CLIA does not require premarket clearance or approval, thus ensuring that patients and physicians have significantly increased access to innovative diagnostic technologies. Further, under CLIA, test development would not be burdened by design controls as a prerequisite for ensuring product quality.

CLIA would allow IVD manufacturers to invest resources into innovation, rather than into meeting unnecessary regulatory requirements. Regulating all diagnostic tests under CLIA would remove regulatory hurdles so that manufacturers could reallocate the resources they would have invested to meet these requirements to R&D work on cutting-edge diagnostic technologies. Using CLIA represents the best way to get the newest diagnostic tests into the hands of patients and their physicians.

Bottom line: If CLIA offered the same protections as FDA regulation, because CLIA permits faster access to improved care, it could be the exclusive regulatory scheme for all diagnostics tests, regardless of who manufacturers them. But both approaches cannot be right. It can’t make sense, on one hand, to put IVDs through rigorous FDA premarket review, quality system requirements, labeling restrictions, and postmarket reporting obligations, and, on the other hand, impose none of those requirements on LDTs.

FDA’s Policy of Not Regulating LDTs Has Become Archaic

Despite the potential public health ramifications, FDA has chosen not to regulate laboratories that make their own lab tests. Prior to 1992, FDA took an analogous position with respect to pharmacy compounding services, and like that position of non-regulation, the decision to refrain from regulating LDTs has become outdated.

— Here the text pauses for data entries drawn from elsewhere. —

(* complete fold: identify e1 with e0 (so tau e1 with tau e0) *)
Definition cf_keepV (v : gV G) : bool := (v != oterm e1) || (oterm e0 == oterm e1).
Definition cf_qV (v : gV G) : gV G := if v == oterm e1 then oterm e0 else v.
Lemma cf_qV_in (v : gV G) : cf_keepV (cf_qV v).
Proof.
rewrite /cf_keepV /cf_qV; case: ifP => [_|/negbT ->] //.
by case: (oterm e0 == oterm e1).
Qed.
Definition cf_V : finType := {v : gV G | cf_keepV v}.
Definition cf_E : finType := {u : gE G | u != u1}.
Definition cf_vmap (v : gV G) : cf_V := exist _ (cf_qV v) (cf_qV_in v).
Definition cf_graph : graph :=
  @Graph cf_V cf_E (fun u => cf_vmap (gsrc (val u))) (fun u => cf_vmap (gtgt (val u))).
Definition cf_map : gmap G cf_graph :=
  @GMap G cf_graph cf_vmap
    (fun u => if @insub _ (fun u => u != u1) cf_E u is Some u' then [:: ((u', false) : oedge cf_graph)]
              else if @insub _ (fun u => u != u1) cf_E u0 is Some u0'
                   then orient b1 [:: ((u0', b0) : oedge cf_graph)] else [::]).
End Folds.

Definition one_fold_decomp (G : graph) (f : gmap G G) : Prop :=
  exists (u0 u1 : gE G) (b0 b1 : bool),
    [/\ u0 != u1  (* e1 <> e0 and e1 <> \bar e0 *),
        oinit ((u0, b0) : oedge G) = oinit ((u1, b1) : oedge G) &
        [\/ exists h : gmap (pff_graph u0 u1 b0 b1) G,
              is_giso h /\ gmap_eq f (gcomp h (pff_map u0 u1 b0 b1)),
            exists h : gmap (pf_graph u0 u1 b0 b1) G,
              is_giso h /\ gmap_eq f (gcomp h (pf_map u0 u1 b0 b1))
          | exists h : gmap (cf_graph u0 u1 b0 b1) G,
              is_giso h /\ gmap_eq f (gcomp h (cf_map u0 u1 b0 b1))]].

(* s-gonal graph of depth k with the edges not satisfying keep removed;
   edge (i,j) (j 0-based, i.e. e_i^{j+1}) joins v_i to v_{i+1 mod s} *)
Definition Psub (s k : nat) (keep : pred ('I_s * 'I_k)) : graph :=
  @Graph 'I_s {x : 'I_s * 'I_k | keep x} (fun x => (val x).1) (fun x => ordS (val x).1).
Arguments Psub : clear implicits.

Definition Pgraph (s k : nat) : graph := Psub s k predT.
Definition Rose (r : nat) : graph := Pgraph 1 r.
(* Delta_k^- : P_{3,k} minus the edge e_0^k *)
Definition Dminus (k : nat) : graph :=
  Psub 3 k (fun x => ~~ ((x.1 == 0 :> nat) && (x.2 == k.-1 :> nat))).
(* Delta_k^+ : P_{3,k+1} minus e_0^{k+1} and e_1^{k+1} (two distinct sides) *)
Definition Dplus (k : nat) : graph :=
  Psub 3 k.+1 (fun x => ~~ ((x.1 < 2) && (x.2 == k :> nat))).

(* A partial fold creates a vertex and a complete fold destroys an edge, so the
   single fold is a proper full fold of e1 over e0 (issuing from a vertex x, with
   terminal vertices y and z) followed by an isomorphism h with vertex bijection tau.
   Then f maps every edge u <> e1 onto one edge sigma u and e1 onto sigma(e0) sigma(e1),
   for an edge permutation sigma which irreducibility forces to be a single cycle.
   After the fold e1 joins y and z, and h turns an edge with ends a, b into one with
   ends tau a, tau b; following the cycle from e1, every edge joins tau^i y to tau^i z.
   If e0 is a loop then y = z and all edges are loops at one vertex: a rose. Otherwise
   the power rho of tau with rho y = z joins the two ends of every edge, and e0, e1
   force rho to cycle x -> y -> z, so the graph is a triangle. The fold moves one edge
   from side zx to side yz, while tau, which commutes with rho, rotates the sides: the
   identity is impossible and the two other rotations give Delta_k^- and Delta_k^+,
   with k >= 2 by the valence condition at y. *)

From mathcomp Require Import all_boot all_order all_algebra.
From mathcomp Require Import zify.
Set Implicit Arguments. Unset Strict Implicit. Unset Printing Implicit Defensive.
Import GRing.Theory.

Section UnorderedPairs.
Variable V : eqType.
Implicit Types s t a b p q : V.

Definition upair_eq s t a b : bool := ((s == a) && (t == b)) || ((s == b) && (t == a)).

Lemma upair_eqP s t a b :
  reflect ((s = a /\ t = b) \/ (s = b /\ t = a)) (upair_eq s t a b).
Proof.
apply: (iffP orP) => [[]/andP[/eqP-> /eqP->]|[[-> ->]|[-> ->]]]; rewrite ?eqxx; by [left|right].
Qed.

Lemma upair_eqC s t a b : upair_eq s t a b -> upair_eq a b s t.
Proof. by case/upair_eqP=> -[-> ->]; rewrite /upair_eq !eqxx ?orbT. Qed.

Lemma upair_eq_swap s t a b : upair_eq s t a b = upair_eq t s a b.
Proof. by rewrite /upair_eq orbC [(t == a) && _]andbC [(t == b) && _]andbC. Qed.

Lemma upair_eq_congr s t p q a b :
  upair_eq s t p q -> upair_eq s t a b = upair_eq p q a b.
Proof. by case/upair_eqP=> -[-> ->] //; rewrite upair_eq_swap. Qed.

Lemma upair_eq_trans s t p q a b :
  upair_eq s t p q -> upair_eq p q a b -> upair_eq s t a b.
Proof. by move/upair_eq_congr->. Qed.

Lemma upair_eq_rotation (rho : V -> V) (x y z c0 c1 : V) :
  injective rho -> x != y -> rho y = z ->
  upair_eq x y c0 (rho c0) -> upair_eq x z c1 (rho c1) -> rho x = y /\ rho z = x.
Proof.
move=> rho_inj /eqP x_ny rho_y /upair_eqP[][e0 e0'] /upair_eqP[][e1 e1'].
all: first [by split; congruence | by case: x_ny; apply: rho_inj; congruence].
Qed.

End UnorderedPairs.

Lemma upair_eq_map (V W : eqType) (g : V -> W) (s t a b : V) :
  upair_eq s t a b -> upair_eq (g s) (g t) (g a) (g b).
Proof. by case/upair_eqP=> -[-> ->]; rewrite /upair_eq !eqxx ?orbT. Qed.

Lemma upair_eq_inj (V W : eqType) (g : V -> W) (s t a b : V) : injective g ->
  upair_eq (g s) (g t) (g a) (g b) = upair_eq s t a b.
Proof. by move=> ig; rewrite /upair_eq !(inj_eq ig). Qed.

Pharmacy compounding. Under traditional pharmacy practice, pharmacists worked with physicians to provide personalized treatments for individual patients. This had value for patients; for example, turning a tablet into a suspension solution for a patient too young to swallow the tablet. Although FDA has said all compounded products are subject to FDA regulation, the agency historically exercised considerable discretion to enable pharmacies to continue this traditional type of pharmacy practice.10 FDA took this position in part because state boards of pharmacy also oversee the practice of pharmacy. These boards do not have all of the regulatory tools of FDA, but they are suitable for regulating customization services. In addition, the agency historically has not had sufficient resources to regulate every customized drug provided by a pharmacy.

Subsequently, some pharmacies grossly abused FDA’s compounding policies and engaged in such large-scale “compounding” practices that they amounted to unregulated drug manufacturing facilities. Although there was no mandatory reporting of adverse events, anecdotal evidence revealed that significant public health problems—including deaths—occurred.11

Ultimately, FDA clamped down on the practice. In 1992, FDA issued a Compliance Policy Guide (CPG) that provided criteria for distinguishing when a pharmacy crossed the line from traditional pharmacy practice into drug manufacturing that is subject to FDA regulation, including premarket approval. After some wrangling with statutory language, FDA published a new guide in May 2002 and has supported that guidance with active enforcement.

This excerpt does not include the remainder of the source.